===== Recorded data

(* Shrinking eps enlarges the balls, so an eps-cover is also an eps'-cover. *)
Lemma MN_le_smaller_eps s eps eps' eta : (eps' <= eps)%R ->
  distortion_le_rate eps' eta ->
  \forall N \near \oo, M_N T phi Z (s + eta) N eps' <= M_N T phi Z s N eps.
Proof.
move=> eps'_le; case=> N0 _ rate; exists N0 => [//|N N0N].
apply: le_ereal_inf_tmp => _ [I [n [x [[nN cover] ->]]]].
apply: ge_ereal_inf; exists (\esum_(i in I) (expR (- ((n i)%:R * (s + eta)) +
    sup (phi (n i) @` nball T (n i) (x i) eps')))%:E).
  exists I, n, x; split => //; split => // y /cover [i Ii yi].
  by exists i => //; exact: le_nball eps'_le _ yi.
apply: le_esum => i Ii; rewrite lee_fin ler_expR.
have := sup_nball_le (n i) (x i) eps'.
have := phi_le_sup_nball (nball_center (n i) (x i) eps).
have := rate (n i) (leq_trans N0N (nN i Ii)).
by rewrite !mulrDr; lra.
Qed.

Lemma Ms_ge0 s eps : 0 <= M_s T phi Z s eps.
Proof.
apply: lime_ge; first exact: ereal_nondecreasing_is_cvgn (MN_nondecreasing _ _).
by apply: nearW => N; exact: MN_ge0.
Qed.

Lemma tMs_ge0 s eps : 0 <= tM_s T phi Z s eps.
Proof.
apply: lime_ge; first exact: ereal_nondecreasing_is_cvgn (tMN_nondecreasing _ _).
by apply: nearW => N; exact: tMN_ge0.
Qed.

Lemma tMeps_le_Meps eps : tM_eps T phi Z eps <= M_eps T phi Z eps.
Proof.
rewrite -[leRHS]adde0; apply: ereal_inf_zeros_shift => [s|s]; first exact: tMs_ge0.
rewrite addr0; apply: lee_lim_nondecreasing.
- exact: tMN_nondecreasing.
- exact: MN_nondecreasing.
- by apply: nearW => N; exact: tMN_le_MN.
Qed.

Lemma Meps_le_tMeps eps eta : distortion_le_rate eps eta ->
  M_eps T phi Z eps <= tM_eps T phi Z eps + (eta + eta)%:E.
Proof.
move=> rate; apply: ereal_inf_zeros_shift => [s|s]; first exact: Ms_ge0.
apply: lee_lim_nondecreasing; [exact: MN_nondecreasing|exact: tMN_nondecreasing|].
exact: MN_le_tMN.
Qed.

Lemma Meps_le_smaller_eps eps eps' eta : (eps' <= eps)%R ->
  distortion_le_rate eps' eta ->
  M_eps T phi Z eps' <= M_eps T phi Z eps + eta%:E.
Proof.
move=> eps'_le rate; apply: ereal_inf_zeros_shift => [s|s]; first exact: Ms_ge0.
apply: lee_lim_nondecreasing; [exact: MN_nondecreasing..|].
exact: MN_le_smaller_eps.
Qed.

End neutralized_bowen_sums.

Lemma tempered_distortion_le_rate {R : realType} {X : metricType R} {T : X -> X}
    {phi : nat -> X -> R} : tempered_distortion T phi ->
  forall eta, 0 < eta -> \forall eps \near 0^'+, distortion_le_rate T phi eps eta.
Proof.
move=> tempered eta eta0.
have : \forall eps \near 0^'+,
    (limn_esup (fun n => (distortion T phi n eps / n%:R)%:E) < eta%:E)%E.
  by apply: tempered (open_ereal_lt' _); rewrite lte_fin.
apply: filterS => eps /ereal_inf_lt [_ [V [N _ NV] <-] supV_lt].
exists N.+1 => // m /= Nm; have m0 : 0 < m%:R :> R by rewrite ltr0n (leq_trans _ Nm).
rewrite mulrC -ler_pdivrMr //; apply/ltW; rewrite -lte_fin.
apply: le_lt_trans supV_lt; apply: ereal_sup_ubound; exists m => //.
by apply: NV; exact: ltnW.
Qed.

Lemma compact_continuous_bounded {R : realType} {X : metricType R} (f : X -> R) :
  compact [set: X] -> continuous f -> exists B : R, forall x, `|f x| <= B.
Proof.
move=> X_compact f_cont.
have [M [_ M_bound]] : bounded_set (f @` [set: X]).
  by apply/compact_bounded/continuous_compact => //; exact: continuous_subspaceT.
by exists (M + 1) => x; apply: M_bound; [rewrite ltrDl | exists x].
Qed.

Theorem mainTheorem2 (R : realType) (X : metricType R) (T : X -> X)
  (phi : nat -> X -> R) (Z : set X) :
  compact [set: X] ->
  continuous T ->
  (forall n, continuous (phi n)) ->
  Z !=set0 ->
  tempered_distortion T phi ->
  tM_eps T phi Z eps @[eps --> 0^'+] --> P_tildeB T phi Z.
Proof.
move=> X_compact _ phi_cont _ tempered.
have phi_bounded n : exists B : R, forall x, `|phi n x| <= B.
  exact: compact_continuous_bounded.
apply: cvg_at_right0_of_almost_nonincreasing.
- by apply: nearW => eps; exact: tMeps_le_Meps.
- move=> eta eta0; have eta20 : 0 < eta / 2 by rewrite divr_gt0.
  apply: filterS (tempered_distortion_le_rate tempered _ eta20) => eps rate.
  by rewrite [eta in eta%:E]splitr; exact: Meps_le_tMeps rate.
- move=> eta eta0.
  apply: filterS (tempered_distortion_le_rate tempered _ eta0) => t rate e te.
  exact: Meps_le_smaller_eps te rate.
Qed.
Lemma Rexpectation_indep_approx :
  `|Rexpectation P (fun w => X w * Y w) - Rexpectation P X * Rexpectation P Y|
    <= 2 * M * h.
Proof.
have /andP[EX_lb EX_ub] := Rexpectation_staircase_bounds mX X_bnd.
have /andP[EY_lb EY_ub] := Rexpectation_staircase_bounds mY Y_bnd.
have /andP[EX_ge0 EX_le] := Rexpectation_between mX X_bnd.
have /andP[EY_ge0 EY_le] := Rexpectation_between mY Y_bnd.
have EDX_ge0 : 0 <= Rexpectation P (D X).
  by apply: Rexpectation_ge0 => w; exact: staircase_ge0.
have EDY_ge0 : 0 <= Rexpectation P (D Y).
  by apply: Rexpectation_ge0 => w; exact: staircase_ge0.
have /andP[EXY_lb EXY_ub] := Rexpectation_staircaseM_bounds.
rewrite ler_norml; apply/andP; split; nra.
Qed.

End approximation.

Lemma RexpectationM_indep :
  Rexpectation P (fun w => X w * Y w) = Rexpectation P X * Rexpectation P Y.
Proof.
apply/eqP; rewrite -subr_eq0 -normr_le0; apply/ler_addgt0Pr => e e_gt0.
have M2_gt0 : 0 < 2 * M * M by rewrite !mulr_gt0.
have [k] := ltr_add_invr (divr_gt0 e_gt0 M2_gt0).
rewrite add0r ltr_pdivlMr// => k_lt; rewrite add0r.
apply: le_trans (Rexpectation_indep_approx k.+1 isT) _.
by rewrite ltW// (_ : _ * (M / _) = k.+1%:R^-1 * (2 * M * M)) //; ring.
Qed.

End independent_product.

Section uncorrelated_sum.
Local Open Scope ereal_scope.
Context {d} {T : measurableType d} {R : realType} (P : probability T R).
Variable Z : nat -> T -> R.
Hypotheses (Z_L2 : forall i, Z i \in Lfun P 2%:E)
  (Z_uncorrelated : forall i j, i != j -> covariance P (Z i) (Z j) = 0).

Local Notation S k := (fun w => \sum_(i < k) Z i w)%R.

Let sumS k : S k.+1 = (S k \+ Z k)%R.
Proof. by apply/funext => w; rewrite big_ord_recr. Qed.

Let sum0 : S 0 = cst 0%R.
Proof. by apply/funext => w; rewrite big_ord0. Qed.

Lemma Lfun2_sum k : S k \in Lfun P 2%:E.
Proof.
elim: k => [|k IH]; first by rewrite sum0 Lfun_cst.
rewrite sumS; apply: (Lfun_addr_closed P (_ : 1 <= 2%:E)).2 => //; exact: lee1n.
Qed.

Lemma covariance_sum_uncorrelated k j : (k <= j)%N -> covariance P (S k) (Z j) = 0.
Proof.
elim: k => [|k IH] kj; first by rewrite sum0 covariance_cst_l.
rewrite sumS covarianceDl ?Lfun2_sum// IH ?(ltnW kj)// Z_uncorrelated ?adde0//.
by rewrite neq_ltn kj.
Qed.

Lemma variance_sum_uncorrelated k : 'V_P[S k] = \sum_(i < k) 'V_P[Z i].
Proof.
elim: k => [|k IH]; first by rewrite sum0 variance_cst big_ord0.
rewrite sumS varianceD ?Lfun2_sum// IH covariance_sum_uncorrelated// mule0 adde0.
by rewrite big_ord_recr.
Qed.

End uncorrelated_sum.

Section truncation.
Context {R : realType}.

Definition trunc (u r : R) : R := r * \1_[set r' | r' < u] r.

Lemma measurable_trunc u : measurable_fun setT (trunc u).
Proof.
apply: measurable_funM => //; apply: measurable_indic.
rewrite (_ : [set r' | r' < u] = `]-oo, u[%classic); first exact: measurable_itv.
by apply/seteqP; split => r; rewrite /= in_itv.
Qed.

Lemma trunc_ge0 u r : 0 <= r -> 0 <= trunc u r.
Proof. by move=> r_ge0; rewrite mulr_ge0. Qed.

==========

◆ Aim of the exercise
Line count for the word "metricType": state how many lines of the listing hold it, and give only that number.

◆ Written reply
3